In a system 6,500 light-years away, a pulsar and brown dwarf are dancing a cosmic dervish, whipping around each other every nine hours. Their dance won’t last — in addition to its lighthouse-like beam of radio waves, the pulsar PSR B1957+20 is giving off a fierce wind of particles that’s slowly blasting away its companion. For this reason, the pulsar has earned the name “black widow,” after the species of spider that eats its mate.

But before the meal is complete, the brown dwarf has something to offer us: a magnifying glass that exposes the pulsar in incredible detail.

The entire system is tiny: The brown dwarf is the size of Jupiter and the pulsar is only the size of Manhattan; the distance that separates them is roughly five times the distance between Earth and the Moon. From Earth’s point of view, the brown dwarf is big enough to eclipse the pulsar for 40 minutes every time they circle each other.

It’s this fortunate geometry that gives the brown dwarf its magnifying power. If you’ve ever admired the beautiful patterns of light along a shoreline, you’ve watched light bend as it passes through water. Waves in the water concentrate sunlight to create those wiggling patterns on the sand. The cocoon of plasma around the brown dwarf has a similar effect on the pulsar’s lighthouse beam — when everything lines up just right, we see the pulse of radio waves pass through the plasma, which concentrates the radiation.

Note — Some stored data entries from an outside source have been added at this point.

Lemma altsum2_altsum1_eq0 s (G : g -> g -> g -> seq g -> g) :
  (forall a b c r, (size r).+3 = size s ->
     G a b c r = - G b a c r /\ G a b c r + G b c a r + G c a b r = 0) ->
  altsum2 s (fun a b r => altsum1 r (G a b)) = 0.
Proof.
elim: s G => [|x t IH] G G_alt; first by rewrite altsum2_nil.
rewrite altsum2_cons.
under eq_altsum2 => a b r _ do rewrite altsum1_cons.
rewrite altsum2D altsum2N IH; last by move=> a b c r sz_r; apply: G_alt => /=; rewrite sz_r.
rewrite altsum1_altsum1 oppr0 addr0 -altsum2N -altsum2D -(altsum2_eq0 t).
apply: eq_altsum2 => a b r sz_r.
have [_ cyclic] := G_alt a b x r ltac:(by rewrite /= -sz_r).
have [anti _] := G_alt b x a r ltac:(by rewrite /= -sz_r).
by move: cyclic; rewrite anti opprB addrC addrA addrAC.
Qed.

Lemma altsum2_altsum2_eq0 s (G : g -> g -> g -> g -> seq g -> g) :
  (forall a b c e r, (size r).+4 = size s -> G a b c e r = - G c e a b r) ->
  altsum2 s (fun a b r => altsum2 r (G a b)) = 0.
Proof.
elim: s G => [|x t IH] G G_anti; first by rewrite altsum2_nil.
rewrite altsum2_cons.
under eq_altsum2 => a b r _ do rewrite altsum2_cons.
rewrite altsum2D altsum2N IH; last by move=> a b c e r sz_r; apply: G_anti => /=; rewrite sz_r.
rewrite altsum1_altsum2 addr0.
have -> : altsum2 t (fun a b r => altsum1 r (G a b x)) =
          - altsum2 t (fun a b r => altsum1 r (fun e r' => G x e a b r')).
  rewrite -altsum2N; apply: eq_altsum2 => a b r sz_r.
  rewrite -altsum1N; apply: eq_altsum1 => e r' sz_r'.
  by apply: G_anti => /=; rewrite -sz_r -sz_r'.
by rewrite opprK addNr.
Qed.

End AlternatingSums.

Section Multiadditive.
Variables (K : fieldType) (g : lmodType K).
Implicit Types (s p q r : seq g) (h : cochain g).

Definition multiadditive n h :=
  forall p q x y, (size p + size q).+1 = n ->
  h (p ++ (x + y) :: q) = h (p ++ x :: q) + h (p ++ y :: q).

Lemma alt_multilinear_head n h r :
  is_alt_multilinear n h -> (size r).+1 = n -> is_linear_map (fun x => h (x :: r)).
Proof. by case=> h_lin _ sz_r a x y; apply: (h_lin [::]). Qed.

Lemma alt_multilinear_multiadditive n h :
  is_alt_multilinear n h -> multiadditive n h.
Proof. by case=> h_lin _ p q x y sz; have := h_lin p q 1 x y sz; rewrite !scale1r. Qed.

Lemma alt_multilinear_swap n h a b r :
  is_alt_multilinear n h -> (size r).+2 = n -> h (a :: b :: r) = - h (b :: a :: r).
Proof.
move=> h_alt sz_r; have h_add := alt_multilinear_multiadditive h_alt.
have h_diag x : h (x :: x :: r) = 0 by case: h_alt => _ h0; apply: (h0 [::] [::]).
have := h_diag (a + b).
rewrite (h_add [::]) ?(h_add [:: a]) ?(h_add [:: b]) //= !h_diag add0r addr0.
by move/eqP; rewrite addr_eq0 => /eqP.
Qed.

Lemma altsum1_multiadditive n F :
  (forall r, size r = n -> {morph F^~ r : a b / a + b}) ->
  (forall a, multiadditive n (F a)) ->
  multiadditive n.+1 (fun s => altsum1 s F).
Proof.
move=> + + p; elim: p n F => [|y p IH] n F F_add F_multi q u v /= sz.
  rewrite !altsum1_cons F_add; last lia.
  rewrite (@eq_altsum1 _ _ _ _ (fun a r => F a (u :: r) + F a (v :: r))).
    by rewrite altsum1D opprD addrACA.
  by move=> a r sz_r; apply: (F_multi a [::]) => /=; lia.
case: n sz F_add F_multi => // n [sz] F_add F_multi.
rewrite !altsum1_cons (F_multi y p q) ?sz //.
rewrite (IH n (fun a r => F a (y :: r))) ?sz //; first by rewrite opprD addrACA.
  by move=> r sz_r a b; apply: F_add => /=; rewrite sz_r.
by move=> a p' q' x z sz'; apply: (F_multi a (y :: p')) => /=; lia.
Qed.

Lemma altsum2_multiadditive n F :
  (forall b r, size r = n -> {morph (fun a => F a b r) : a a' / a + a'}) ->
  (forall a r, size r = n -> {morph F a ^~ r : b b' / b + b'}) ->
  (forall a b, multiadditive n (F a b)) ->
  multiadditive n.+2 (fun s => altsum2 s F).
Proof.
move=> + + + p; elim: p n F => [|y p IH] n F Fl Fr F_multi q u v /= sz.
  rewrite !altsum2_cons.
  rewrite (@eq_altsum1 _ _ _ (F (u + v)) (fun b r => F u b r + F v b r)); last first.
    by move=> b r sz_r; apply: Fl; lia.
  rewrite (@eq_altsum2 _ _ _ _ (fun a b r => F a b (u :: r) + F a b (v :: r))).
    by rewrite altsum1D altsum2D opprD addrACA.
  by move=> a b r sz_r; apply: (F_multi a b [::]) => /=; lia.
case: n Fl Fr F_multi sz => [|n] Fl Fr F_multi sz.
  have [-> ->] : p = [::] /\ q = [::] by case: p q sz {IH} => [|? ?] [|? ?] //=; lia.
  rewrite !altsum2_cons !altsum1_cons !altsum1_nil !altsum2_nil /= Fr //.
  by rewrite !oppr0 !addr0 opprD.
have sum1_add := altsum1_multiadditive (Fr y) (F_multi y).
have sum2_add := IH n (fun a b r => F a b (y :: r)).
rewrite !altsum2_cons sum1_add ?(sum2_add _ _ _ q u v) /=; try lia.
- by rewrite opprD addrACA.
- by move=> b r sz_r a a'; apply: Fl => /=; rewrite sz_r.
- by move=> a r sz_r b b'; apply: Fr => /=; rewrite sz_r.
by move=> a b p' q' x z sz'; apply: (F_multi a b (y :: p')) => /=; lia.
Qed.

End Multiadditive.

Section SubsetExpansion.
Variables (K : fieldType) (g : lmodType K) (D : g -> g).

Definition id_plus (x : g) := x + D x.

Definition set_cons m (b : bool) (S : {set 'I_m}) : {set 'I_m.+1} :=
  [set i | if unlift ord0 i is Some j then j \in S else b].

Lemma sum_set_ordS m (F : {set 'I_m.+1} -> g) :
  \sum_(S : {set 'I_m.+1}) F S =
  \sum_(S : {set 'I_m}) F (set_cons true S) + \sum_(S : {set 'I_m}) F (set_cons false S).
Proof.
rewrite (reindex (fun p : bool * {set 'I_m} => set_cons p.1 p.2)) /=; last first.
  apply: onW_bij.
  exists (fun S : {set 'I_m.+1} => (ord0 \in S, [set j : 'I_m | lift ord0 j \in S])).
    move=> [b S] /=; congr (_, _); first by rewrite inE unlift_none.
    by apply/setP => j; rewrite !inE liftK.
  move=> S; apply/setP => i; rewrite inE.
  by case: (unliftP ord0 i) => [j ->|->]; rewrite ?inE.
by rewrite -(pair_bigA _ (fun b S => F (set_cons b S))) big_bool.
Qed.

It wasn’t obvious that this should happen. But in 2014 Robert Main (University of Toronto) and colleagues observed a full 9.2-hour orbit using the 305-meter William E. Gordon Telescope at Arecibo Observatory. Just before and just after every pulsar eclipse, they saw the radio pulses brighten. Moreover, the pulses brightened in different ways at different frequencies, exactly as expected for a lensing event.

“The other spectacular thing that happens,” Main explains, “is that the emission from the two poles of the pulsar is not amplified equally.  There are times when the emission from one pole is greatly boosted, while the other is unaffected.”

In other words, the gaseous “lens” around the brown dwarf was sometimes magnifying emission from the pulsar’s north pole and sometimes its south pole — resolving two areas of emission only 10 km (6 miles) apart from 6,500 light-years away. That’s equivalent to resolving a flea on the surface of Pluto using Earth-based telescopes. (For reference, New Horizons flew right by Pluto and still only resolved features 80 meters, or 260 feet, wide!) The team has published their results in Nature.

As Jason Hessels (University of Amsterdam, The Netherlands) points out in an accompanying perspective piece, this isn’t the first time astronomers have seen plasma lensing. Other examples include distant quasars and the Crab Nebula pulsar. Yet it took 30 years between the discovery of PSR B1957+20 and the detection of its lensing. It comes down to the increase in computing power, Hessels argues, which has enabled astronomers to examine changes on microsecond scales over multiple radio frequencies. He concludes: “The future is bright for using pulsars to illuminate the invisible universe.”